L’armatura a cavallo era normale. All’inizio si prediligeva una protezione a tutto tondo in cuoio o in feltro spesso, ma in seguito sembra che questa sia stata sostituita da un’armatura metallica parziale solo nella parte anteriore. Veniva tenuto un registro degli uomini obbligati a servire e a partire dal VI secolo, essi dovevano radunarsi per far ispezionare il loro equipaggiamento e venivano poi pagati finché durava la campagna.

Fanteria

La massa della fanteria era costituita da contadini arruolati. Non c’erano sciocchezze come i registri. Al contrario, un ufficiale si recava dal capovillaggio di ogni villaggio, gli diceva quanti uomini erano necessari, li toglieva da qualsiasi cosa stessero facendo e li faceva marciare per essere dotati di lance e scudi a buon mercato. Il morale era naturalmente tutt’altro che alto. Secondo quanto riportato, i lanceri si formavano in un ordine molto stretto, dando l’impressione di raggrupparsi per per il reciproco conforto. In un’occasione furono addirittura incatenati per le caviglie per evitare che scappassero. Venivano portati soprattutto come manodopera da campo e per il lavoro d’assedio, ma non erano del tutto inutili in battaglia aperta. Gli arcieri di fanteria e gli schermagliatori armati di giavellotto erano più apprezzati. Si trattava quasi sempre di mercenari assoldati nelle zone più periferiche del dominio persiano. La cavalleria leggera armata di arco e giavellotti era fornita da tribù alleate come i Chioniti, i Gelani e gli Albani.

Elefanti

Gli elefanti indiani con arcieri e fanti armati di giavello nelle loro torri erano un’altra parte importante dell’esercito sassanide. Erano utili soprattutto per il loro effetto sui cavalli e sul morale dei nemici. La battaglia avrebbe potuto essere favorita della carica degli elefanti, tuttavia, nella maggior parte dei casi, il peso dei dardi scagliati a mano, dei giavellotti e delle lance pesanti delle legioni contrastò efficacemente gli elefanti .

Combattimento

Abbiamo notizie dettagliate di sole quattro battaglie contro i Romani durante la spedizione di Giuliano del 363 d.C. e di altre due contro i Bizantini di Belisario.

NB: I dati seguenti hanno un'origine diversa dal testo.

Lemma near_addm_basis_mx (A w : mat n) c eps : (forall p q, Rabs (w p q) <= c) ->
  INR n * (INR n * c) < eps -> near eps A (addm A (basis_mx o w)).
Proof.
move=> hw hc a b; rewrite /addm (_ : A a b - _ = - basis_mx o w a b); last by ring.
rewrite Rabs_Ropp; apply: Rle_lt_trans hc.
apply: Rle_trans (sumR_abs_le _ _) _; rewrite -sumR_const; apply: sumR_le => p _.
apply: Rle_trans (sumR_abs_le _ _) _; rewrite -sumR_const; apply: sumR_le => q _.
have h1 := sqnorm1_entry a (orthonormal_sqnorm ho p).
have h2 := sqnorm1_entry b (orthonormal_sqnorm ho q).
have h12 : Rabs (o p a) * Rabs (o q b) <= 1.
  by have := Rabs_pos (o p a); have := Rabs_pos (o q b); nra.
rewrite !Rabs_mult Rmult_assoc; apply: Rle_trans (hw p q).
by have := Rmult_le_compat_l _ _ _ (Rabs_pos (w p q)) h12; lra.
Qed.

End BasisMatrix.

Lemma is_eigvec_basis n (S : mat n) (o : 'I_n -> vec n) i lam : orthonormal_basis o ->
  (forall a, mulv S (o i) a = lam * o i a) -> is_eigvec S (o i) lam.
Proof. by move=> ho he; split=> //; exact/sqnorm1_nonzero/orthonormal_sqnorm. Qed.

Lemma eigenbasis_of n (S : mat n) (o : 'I_n -> vec n) (mu : 'I_n -> R) :
  orthonormal_basis o -> (forall i a, mulv S (o i) a = mu i * o i a) -> eigenbasis S o.
Proof. by move=> ho he; split=> // i; exists (mu i); apply: is_eigvec_basis. Qed.

Lemma separate_eigenvalues n (S : mat n) (o : 'I_n -> vec n) (mu : 'I_n -> R) eps :
  symmetric S -> orthonormal_basis o -> (forall i a, mulv S (o i) a = mu i * o i a) ->
  0 < eps ->
  exists S', symmetric S' /\ near eps S S' /\ distinct_eigs S' /\ eigenbasis S' o.
Proof.
move=> hS ho he heps.
pose gap (pq : 'I_n * 'I_n) := if Req_EM_T (mu pq.1) (mu pq.2) then 1 else Rabs (mu pq.1 - mu pq.2).
have [|g [hg hgap]] := @exists_pos_lower_bound _ gap.
  move=> [p q]; rewrite /gap /=; case: Req_EM_T => h /=; first lra.
  by apply: Rabs_pos_lt; lra.
pose nn := INR n; have hnn : 0 <= nn := pos_INR n.
have hnn3 : 0 <= nn * nn * nn by apply: Rmult_le_pos; nra.
(* shifting the [i]-th eigenvalue by [d i] separates them once [d n < g] *)
pose d := Rmin (eps / (2 * (nn * nn * nn + 1))) (g / (2 * (nn + 1))).
have hd : 0 < d by apply: Rmin_glb_lt; apply: Rdiv_lt_0_compat => //; lra.
have hd1 : d * (2 * (nn * nn * nn + 1)) <= eps.
  by apply/Rle_div_iff; [lra | exact: Rmin_l].
have hd2 : d * (2 * (nn + 1)) <= g by apply/Rle_div_iff; [lra | exact: Rmin_r].
pose w (p q : 'I_n) := if p == q then d * INR p else 0.
pose lam (i : 'I_n) := mu i + d * INR i.
exists (addm S (basis_mx o w)).
have hlam j a : mulv (addm S (basis_mx o w)) (o j) a = lam j * o j a.
  rewrite mulv_addm he mulv_basis_mx // /lam.
  rewrite (eq_bigr (fun p => if p == j then d * INR p * o p a else 0)).
    by rewrite sumR_delta; ring.
  by move=> p _; rewrite /w; case: (p == j); ring.
split; [|split; [|split]].
- move=> a b; rewrite /addm hS basis_mx_symmetric // => p q.
  by rewrite /w eq_sym; case: eqP => [->|].
- apply: (@near_addm_basis_mx _ _ ho _ _ (d * nn)) => [p q|]; last first.
    by rewrite (_ : nn * (nn * (d * nn)) = d * (nn * nn * nn)); [nra | ring].
  rewrite /w; case: eqP => _; last by rewrite Rabs_R0; nra.
  have := INR_ord_lt p; have := pos_INR p; rewrite -/nn => hp0 hpn.
  by rewrite Rabs_mult !Rabs_pos_eq; try lra; apply: Rmult_le_compat_l; lra.
- exists lam; split; last by move=> i; exists (o i); apply: is_eigvec_basis.
  move=> i j e; apply: NNPP => hij.
  have hdist := INR_ord_dist j i; rewrite -/nn in hdist.
  move: (hgap (i, j)); rewrite /gap /=; case: Req_EM_T => hm /= hgij.
    rewrite /lam hm in e; have /INR_eq e2 : INR i = INR j by nra.
    by apply: hij; apply: val_inj.
  have e3 : mu i - mu j = d * (INR j - INR i) by rewrite /lam in e; lra.
  rewrite e3 Rabs_mult Rabs_pos_eq in hgij; last lra.
  by have := Rmult_lt_compat_l d _ _ hd hdist; nra.
- exact: eigenbasis_of hlam.
Qed.

Lemma generic_skew_perturbation n (L : mat n) (o : 'I_n -> vec n) eps :
  orthonormal_basis o -> skew L -> 0 < eps ->
  exists L', skew L' /\ near eps L L' /\ ~ L_invar o L'.
Proof.
move=> ho hL heps.
pose N p q := dot (o p) (mulv L (o q)).
have hN p q : N q p = - N p q by rewrite /N -skew_dot // dotC.
pose nn := INR n; have hnn : 0 <= nn := pos_INR n.
have hnn3 : 0 <= nn * nn * nn by apply: Rmult_le_pos; nra.
pose eta := eps / (2 * (nn * nn * nn + 1)).
have heta : 0 < eta by apply: Rdiv_lt_0_compat; lra.
(* fill every vanishing off-diagonal coordinate with a nonzero, skew-symmetric entry *)
pose w p q := if Req_EM_T (N p q) 0 then eta * (INR q - INR p) else 0.
have hw : skew w.
  move=> p q; rewrite /w hN; case: Req_EM_T => h1; case: Req_EM_T => h2 /=; try lra; ring.
exists (addm L (basis_mx o w)); split; [|split].
- by move=> a b; rewrite /addm hL (basis_mx_skew o hw); ring.
- apply: (@near_addm_basis_mx _ _ ho _ _ (eta * nn)) => [p q|]; last first.
    have : eta * (2 * (nn * nn * nn + 1)) = eps by rewrite /eta; field; lra.
    by rewrite (_ : nn * (nn * (eta * nn)) = eta * (nn * nn * nn)); [nra | ring].
  rewrite /w; case: Req_EM_T => h /=; last by rewrite Rabs_R0; nra.
  rewrite Rabs_mult Rabs_pos_eq; last lra.
  by apply: Rmult_le_compat_l; [lra | apply/Rlt_le/INR_ord_dist].
- apply: not_L_invar_of_offdiag => // [a b|j k hjk].
    by rewrite /addm hL (basis_mx_skew o hw); ring.
  have -> : mulv (addm L (basis_mx o w)) (o j) =
      lincomb 1 (mulv L (o j)) 1 (mulv (basis_mx o w) (o j)).
    by apply: functional_extensionality => a; rewrite mulv_addm /lincomb; ring.
  rewrite dot_lincombr dot_basis_mx // -/(N k j) /w.
  have hkj : INR j - INR k <> 0.
    by move/Rminus_diag_uniq/INR_eq => e; move/eqP: hjk; apply; apply: val_inj.
  case: Req_EM_T => h /=; last lra.
  by have := Rmult_integral_contrapositive_currified _ _ (Rgt_not_eq _ _ heta) hkj; lra.
Qed.

Section EigenvaluesInBasis.
Variables (n : nat) (S : mat n) (o : 'I_n -> vec n) (mu : 'I_n -> R).
Hypotheses (hS : symmetric S) (ho : orthonormal_basis o).
Hypothesis he : forall i a, mulv S (o i) a = mu i * o i a.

Generalmente contro i Romani, i Sassanidi avevano i loro clibanarii a formare una prima linea, la fanteria con lance come seconda linea e gli elefanti come terza linea. Se la cavalleria persiana avanzava per tirare con le frecce, invece di caricare con la lancia, era attaccata dalla fanteria romana che, dopo un feroce combattimento, la metteva in rotta.

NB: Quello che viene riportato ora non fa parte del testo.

Lemma not_prime_divide_between q h : (1 <= h <= q - 1)%Z -> ~ (q | h)%Z.
Proof. intros Hh Hd. apply Z.divide_pos_le in Hd; lia. Qed.

Lemma not_prime_divide_inv_mul q h v winv : prime q -> (1 <= h <= q - 1)%Z ->
  ((4 * v * winv) mod q = 1)%Z -> ~ (q | winv * h)%Z.
Proof.
  intros Hp Hh Hw Hd. pose proof (prime_ge_2 q Hp).
  apply prime_mult in Hd as [Hd|Hd]; auto.
  - rewrite (proj2 (Z.mod_divide _ q ltac:(lia))) in Hw; [discriminate|].
    apply Z.divide_mul_r. auto.
  - apply (not_prime_divide_between q h); auto.
Qed.

Definition twisted_W (q h k winv a : Z) (S : Z -> bool) (z : Z) : C :=
  if Wset q h k winv S (z mod q) then emod q (z * a) else 0%C.

Lemma twisted_W_periodic q h k winv a S y : (0 < q)%Z ->
  twisted_W q h k winv a S y = twisted_W q h k winv a S (y mod q).
Proof.
  intros Hq. unfold twisted_W. rewrite Z.mod_mod by lia. destruct (Wset _ _ _ _ _ _); auto.
  apply emod_congr; [lia|]. apply Z.cong_iff_0. rewrite Z.mul_mod_idemp_l by lia. reflexivity.
Qed.

Lemma Cmod_twisted_W_le q h k winv a S y : Cmod (twisted_W q h k winv a S y) <= 1.
Proof.
  unfold twisted_W. destruct (Wset _ _ _ _ _ _); [rewrite Cmod_emod | rewrite Cmod_0]; lra.
Qed.

Lemma e_abs_W_interval q h k winv a S N H : (0 <= N)%Z -> (N + H <= q - 1)%Z ->
  e_abs (filter (Wset q h k winv S) (zrange (N + 1) (N + H))) (IZR a / IZR q)
  = Cmod (csum (zrange (N + 1) (N + H)) (twisted_W q h k winv a S)).
Proof.
  intros HN HNH. rewrite e_abs_csum, csum_filter. f_equal. apply csum_ext.
  intros x Hx. apply zrange_In in Hx. unfold twisted_W. rewrite Z.mod_small by lia. reflexivity.
Qed.
Lemma std_increasing t : uniq (labels t) -> all incr_node t -> is_increasing (std t).
Proof.
move=> ut incr_t; rewrite /is_increasing /is_ntree /degree labels_prelab size_map.
rewrite perm_rank_iota //=; apply/allP => _ /mapP[c ct ->].
apply: incr_relab (allP incr_t c ct) => x y _ yc xy.
by apply: rank_ltn xy _; apply/labelsP; exists c.
Qed.

Lemma coprod_tree_increasing t p : is_increasing t -> p \in coprod_tree t ->
  is_increasing p.1 /\ is_increasing p.2.
Proof.
move=> /andP[nt incr_t] /mapP[k _ ->] /=.
have ut : uniq (labels t) by rewrite (perm_uniq nt) iota_uniq.
by split; apply: std_increasing; rewrite ?labels_restr ?filter_uniq ?incr_restr.
Qed.

Lemma map_index_uniq (T : eqType) (s : seq T) :
  uniq s -> map (index^~ s) s = iota 0 (size s).
Proof.
move=> us; case: s us => // x0 s us.
rewrite -{2}(mkseq_nth x0 (x0 :: s)) /mkseq -map_comp -[RHS]map_id.
by apply/eq_in_map => i; rewrite mem_iota add0n => /andP[_ lt_i]; apply: index_uniq.
Qed.

Lemma mem_ksub s k c : c \in ksub s k -> subseq c s /\ size c = k.
Proof.
elim: s k c => [|x s IH] [|k] c /=; rewrite ?mem_seq1 ?in_nil //; try by move/eqP->.
rewrite mem_cat => /orP[/mapP[c' /IH[sub_c' <-] ->]|/IH[sub_c <-]].
  by rewrite /= eqxx sub_c'.
by split=> //; apply: subseq_trans sub_c (subseq_cons _ _).
Qed.

Lemma mem_subsets s c : c \in subsets s -> subseq c s.
Proof. by move=> /flattenP[_ /mapP[j _ ->] /mem_ksub[]]. Qed.

Definition block_at (bl : seq ptree) (F : seq nat) (p : nat) : ptree :=
  if p \in F then nth [::] bl (index p F) else [::].

Lemma graft_blocksE t bl F : graft_blocks t bl F =
  graft (fun l => block_at bl F (index l (labels t))) (block_at bl F (degree t)) t.
Proof. by []. Qed.

Lemma flatten_labels_block_at s F bl : uniq s -> subseq F s -> size bl = size F ->
  flatten [seq labels (block_at bl F p) | p <- s] = flatten (map labels bl).
Proof.
elim: s F bl => [|x s IH] F bl; first by move=> _ /eqP-> /=; case: bl.
move=> /= /andP[xs us]; case: F => [|y F] /=.
  by move=> _; case: bl => //= _; rewrite (IH [::] [::]) ?sub0seq.
case: eqP => [->|_] sub_F size_bl; last first.
  have xF : x \in y :: F = false by apply/negbTE; apply: contra xs => /(mem_subseq sub_F).
  by rewrite {1}/block_at xF /= (IH (y :: F) bl).
case: bl size_bl => //= b bl [size_bl]; rewrite {1}/block_at mem_head /= eqxx -(IH F bl) //.
congr (_ ++ flatten _); apply/eq_in_map => p ps; have xp : x != p by apply: contraNneq xs => ->.
by rewrite /block_at in_cons eq_sym (negPf xp) /= (negPf xp).
Qed.

Lemma sum_consecutive_intervals q x r : path leq x r ->
  \sum_(pr <- zip (x :: r) r) (pr.1 <= q < pr.2 : nat) = (x <= q < last x r).
Proof.
elim: r x => [|y r IH] x /=; first by rewrite big_nil; case: leqP => // /leq_gtF ->.
move=> /andP[xy yr]; rewrite big_cons IH //=.
have : y <= last y r.
  by have := mem_last y r; rewrite in_cons => /orP[/eqP-> //|/(allP (order_path_min leq_trans yr))].
lia.
Qed.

In altri casi, la prima linea persiana aveva i suoi lancieri catafratti al centro e i clibanarii su ogni lato. Gli elefanti erano disposti dietro. Spesso non si fa menzione della fanteria. La cavalleria leggera poteva effettuare un ampio movimento di aggiramento per minacciare il bagaglio romano, o eventuali riserve.

In un’altra occasione la battaglia iniziò con un attacco della cavalleria leggera alle retrovie romane. L’attacco fu respinto quando l’imperatore portò in soccorso le truppe leggere, ma fu ferito mortalmente da un giavellotto nella mischia. A questo punto si sviluppò un feroce attacco contro il centro e la sinistra. Questo è stato condotto da elefanti in carica che si sono portati a distanza ravvicinata, ma hanno subito gravi perdite a causa dei missili a mano romani. L’impressione suscitata dagli elefanti fu poi sfruttata dalle cariche dei catafratti, sostenuti dalle frecce dei clibanarii. Il risultato fu un pareggio con gravi perdite da entrambe le parti. La quarta battaglia vide nuovamente utilizzate le stesse tattiche persiane e fu un altro pareggio.

La principale regola di condotta romana sembra essere stata quella di chiudersi il più presto possibile per ridurre l’effetto del tiro con l’arco persiano. Ma se la fanteria romana deve fermarsi e prepararsi a ricevere la carica, diventa un bersaglio adatto per il tiro con l’arco poco prima del momento del contatto.

Una volta a distanza ravvicinata, la fanteria romana era ovviamente più che all’altezza della cavalleria ferma e potremmo ipotizzare che Giuliano avesse imparato qualcosa dalla sconfitta della sua cavalleria catafratta da parte della fanteria germanica ad Argentoratum nel 357 d.C. Privati dell’effetto del tiro con l’arco, i Persiani non avevano altra scelta che caricare come nelle battaglie successive. A causa del naturale desiderio di un guerriero armato di arco di tenersi a distanza per poter usare correttamente la sua arma preferita, vediamo che queste cariche vengono effettuate dagli specialisti dei lancieri.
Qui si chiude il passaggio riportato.